Unnamed: 0,Patient,1,2,3,4,5,8,9,10,11,12,14,16,17,19
0,Sex,female,male,female,male,male,male,female,male,male,male,male,male,female,male
1,Weight.age.measured,,+10.28SD,+3SD,,1.14SD,-2SD,,0.2SD,+1.79SD,4SD,–,+1.5SD,+0.96SD,
2,Height.age.measured,+0.5SD,+3.14SD,,+3SD,+0.25SD,+2SD,,+2.5SD,1.14SD,2.8SD,0.61SD,+2.5SD,+1.79SD,+0.53SD
3,Speech delay,+,+,,+,+,+,+,+,,+,+,+,+,–
4,Motor delay,+,+,+,+,–,–,+,+,–,,+,+,–,
5,Intellectual disability,,+,,+,+,+,+,,+,,+,,,
6,Macrocephaly,+,+,+,+,–,+,+,+,,+,–,+,–,+
7,ASD,–,+,+,–,+,–,+,–,+,–,+,–,+,+
8,Recurrent otitis media,+,,+,,,,,+,+,,,,,+
9,Seizure,,–,+,,–,,+,,,,,,-,


In [17]:
dft = df.transpose()
dft.columns = dft.iloc[0]
dft.drop(dft.index[0], inplace=True)
dft['patient_id'] = dft.index
dft.head()

Patient,Sex,Weight.age.measured,Height.age.measured,Speech delay,Motor delay,Intellectual disability,Macrocephaly,ASD,Recurrent otitis media,Seizure,...,Accelerated osseous maturation,Anxiety,ADHD,Obsessive behavior,Aggressive behavior,Self-injury behavior,Gastrointestinal disturbance,Variant,primary_dx,patient_id
1,female,,+0.5SD,+,+,,+,–,+,,...,+,,,,+,+,,c.6775del,LLS,1
2,male,+10.28SD,+3.14SD,+,+,+,+,+,,–,...,,,,+,+,,,c.6471T>A,"ASD, ID",2
3,female,+3SD,,,+,,+,+,+,+,...,,,,,,,+,c.6341del,ASD,3
4,male,,+3SD,+,+,+,+,–,,,...,+,,,,,,,c.5285_5286del,Sotos,4
5,male,1.14SD,+0.25SD,+,–,+,–,+,,–,...,,-,+,+,+,-,-,c.4715+1G>A,ASD,5


In [18]:
hpo_cr = parser.get_hpo_concept_recognizer()

In [19]:
items = {
    'Speech delay': ["Delayed speech and language development", "HP:0000750"], 
    'Motor delay': ['Motor delay', 'HP:0001270'],
    'Intellectual disability': ['Intellectual disability', 'HP:0001249'],
    'Macrocephaly': ['Macrocephaly', 'HP:0000256'],
    'ASD': ['Autism', 'HP:0000717'],
    'Recurrent otitis media': ['Recurrent otitis media','HP:0000403'],
    'Seizure': ['Seizure', 'HP:0001250'],
    'Facial deformity': ['Abnormal facial shape', 'HP:0001999'],
    'Hypotonia': ['Hypotonia', 'HP:0001252'],
    'Accelerated osseous maturation': ['Accelerated skeletal maturation','HP:0005616'],
    'Anxiety': ['Anxiety','HP:0000739'],
    'ADHD': ['Attention deficit hyperactivity disorder','HP:0007018'],
    'Obsessive behavior': ['Compulsive behaviors','HP:0000722'],
    'Aggressive behavior': ['Aggressive behavior','HP:0000718'],
    'Self-injury behavior': ['Self-injurious behavior','HP:0100716'],
}
item_column_mapper_d = hpo_cr.initialize_simple_column_maps(column_name_to_hpo_label_map=items, observed='+',
    excluded='-')
print(f"We created {len(item_column_mapper_d)} simple column mappers")

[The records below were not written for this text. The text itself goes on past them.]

(* Let $L$ be a finite extension of $\mathbb{Z}_\mathrm{max}$ such that $L$ is selective, i.e. for all $x,y\in L$ either $x+y=x$ or $x+y=y$. Then $\mathrm{ui}(L/\mathbb{Z}_\mathrm{max})<\infty$.
   Context: A semifield is a commutative semiring in which every nonzero element is a unit. $\mathbb{Z}_\mathrm{max}=\mathbb{Z}\cup\{-\infty\}$ is the semifield with addition $\max$ and multiplication ordinary addition. An extension of a semifield $K$ is a semifield $L$ with an injective homomorphism $K\to L$; it is finite if $L$ is a finitely generated $K$-semimodule. The unit index is $\mathrm{ui}(L/K)=|L^\times/K^\times|$. *)

From HB Require Import structures.
From mathcomp Require Import all_boot all_order all_algebra.
Set Implicit Arguments. Unset Strict Implicit. Unset Printing Implicit Defensive.
Import Order.TTheory GRing.Theory Num.Theory.
Local Open Scope ring_scope.

(* The semifield Z_max = Z ∪ {-oo}: None is -oo, Some z is z. *)
Definition Zmax := option int.

Definition zmax_add (a b : Zmax) : Zmax :=
  match a, b with
  | None, _ => b
  | _, None => a
  | Some x, Some y => Some (Num.max x y)
  end.

Definition zmax_mul (a b : Zmax) : Zmax :=
  match a, b with
  | Some x, Some y => Some (x + y)
  | _, _ => None
  end.

Definition zmax_zero : Zmax := None.
Definition zmax_one : Zmax := Some 0.

Definition is_semifield (L : comNzSemiRingType) : Prop :=
  forall x : L, x <> 0 -> exists y : L, x * y = 1.

Definition is_unit (L : comNzSemiRingType) (x : L) : Prop :=
  exists y : L, x * y = 1.

Definition zmax_unit (a : Zmax) : Prop :=
  exists b : Zmax, zmax_mul a b = zmax_one.

Definition zmax_extension (L : comNzSemiRingType) (f : Zmax -> L) : Prop :=
  [/\ f zmax_zero = 0, f zmax_one = 1,
      (forall a b, f (zmax_add a b) = f a + f b),
      (forall a b, f (zmax_mul a b) = f a * f b)
    & injective f].

(* L is a finitely generated Z_max-semimodule (scalar action a . x = f a * x) *)
Definition finite_over (L : comNzSemiRingType) (f : Zmax -> L) : Prop :=
  exists s : seq L, forall x : L,
    exists a : seq Zmax, size a = size s /\
      x = \sum_(i < size s) f (nth zmax_zero a i) * nth 0 s i.

Definition selective (L : comNzSemiRingType) : Prop :=
  forall x y : L, x + y = x \/ x + y = y.

(* ui(L/Z_max) = |L^x / Z_max^x| is finite: there are finitely many cosets,
   i.e. a finite list of units of L such that every unit of L lies in the
   coset u * f(Z_max^x) of one of them. *)
Definition finite_unit_index (L : comNzSemiRingType) (f : Zmax -> L) : Prop :=
  exists s : seq L, (forall u, u \in s -> is_unit u) /\
    forall x : L, is_unit x ->
      exists2 u, u \in s & exists2 k : Zmax, zmax_unit k & x = u * f k.

(* In a selective semiring a finite sum equals one of its terms or is 0.  Write
   a unit x of L as a combination sum_i f(a_i) s_i of the finitely many
   generators s_i; then x = f(a_i) s_i for some i, with a_i finite (x <> 0).
   Hence s_i is a unit and x lies in the coset s_i f(Z_max^x), so the units
   among the generators represent all cosets of L^x / f(Z_max^x). *)
From mathcomp Require Import all_boot all_order all_algebra.
From Stdlib Require Import ClassicalEpsilon.
Set Implicit Arguments.
Unset Strict Implicit.
Import GRing.Theory.
Local Open Scope ring_scope.

Lemma selective_sum_eq0_or_term (L : comNzSemiRingType) (hsel : selective L)
    n (F : 'I_n -> L) :
  \sum_(i < n) F i = 0 \/ exists i, \sum_(i < n) F i = F i.
Proof.
elim: n F => [|n IH] F; first by left; rewrite big_ord0.
rewrite big_ord_recr /=.
case: (hsel (\sum_(i < n) F (widen_ord (leqnSn n) i)) (F ord_max)) => ->.
- case: (IH (fun i => F (widen_ord (leqnSn n) i))) => [->|[i ->]]; first by left.
  by right; exists (widen_ord (leqnSn n) i).
- by right; exists ord_max.
Qed.

Lemma is_unit_neq0 (L : comNzSemiRingType) (x : L) : is_unit x -> x <> 0.
Proof. by move=> [y xy] x0; move: xy; rewrite x0 mul0r => /esym/eqP; rewrite oner_eq0. Qed.

Lemma is_unitMl (L : comNzSemiRingType) (x y : L) : is_unit (x * y) -> is_unit x.
Proof. by move=> [z xyz]; exists (y * z); rewrite mulrA. Qed.

Lemma zmax_unit_finite (z : int) : zmax_unit (Some z).
Proof. by exists (Some (- z)); rewrite /zmax_mul /zmax_one subrr. Qed.

Definition is_unitb (L : comNzSemiRingType) (u : L) : bool :=
  excluded_middle_informative (is_unit u).

Lemma is_unitbP (L : comNzSemiRingType) (u : L) : reflect (is_unit u) (is_unitb u).
Proof. exact: sumboolP. Qed.

Lemma unit_eq_generator_scaled (L : comNzSemiRingType) (f : Zmax -> L)
    (f0 : f zmax_zero = 0) (hsel : selective L) (s : seq L)
    (hs : forall x : L, exists a : seq Zmax, size a = size s /\
      x = \sum_(i < size s) f (nth zmax_zero a i) * nth 0 s i)
    (x : L) :
  is_unit x -> exists2 i : 'I_(size s), is_unit (nth 0 s i) &
    exists2 z : int, zmax_unit (Some z) & x = nth 0 s i * f (Some z).
Proof.
move=> xU.
have x0 := is_unit_neq0 xU.
have [a [_ ex]] := hs x.
have [sum0|[i sumi]] := selective_sum_eq0_or_term hsel
  (fun i : 'I_(size s) => f (nth zmax_zero a i) * nth 0 s i).
  by case: x0; rewrite ex.
rewrite sumi in ex.
case: (nth zmax_zero a i) ex => [z|] ex; last by case: x0; rewrite ex f0 mul0r.
exists i; last by exists z; [exact: zmax_unit_finite | rewrite ex mulrC].
by apply: (@is_unitMl _ _ (f (Some z))); rewrite mulrC -ex.
Qed.

Theorem mainTheorem9 (L : comNzSemiRingType)
  (hL : is_semifield L) (f : Zmax -> L) (hf : zmax_extension f)
  (hfin : finite_over f) (hsel : selective L) :
  finite_unit_index f.
Proof.
have [f0 _ _ _ _] := hf; have [s hs] := hfin.
exists [seq u <- s | is_unitb u]; split.
  by move=> u; rewrite mem_filter => /andP[/is_unitbP].
move=> x /(unit_eq_generator_scaled f0 hsel hs) [i siU [z zU ->]].
exists (nth 0 s i); last by exists (Some z).
by rewrite mem_filter mem_nth // andbT; apply/is_unitbP.
Qed.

We created 15 simple column mappers


<h2>Transcript/Variant mapping</h2>

In [20]:
setd2_transcript = "NM_014159.7"
genome = 'hg38'
default_genotype = 'heterozygous'
variant_list = dft['Variant'].unique()
print(variant_list)
variant_d = {}
vvalidator = VariantValidator(genome_build=genome, transcript=setd2_transcript)
for v in variant_list:
    var = vvalidator.encode_hgvs(v)
    variant_d[v] = var
print(f"We get {len(variant_d)} unique variants")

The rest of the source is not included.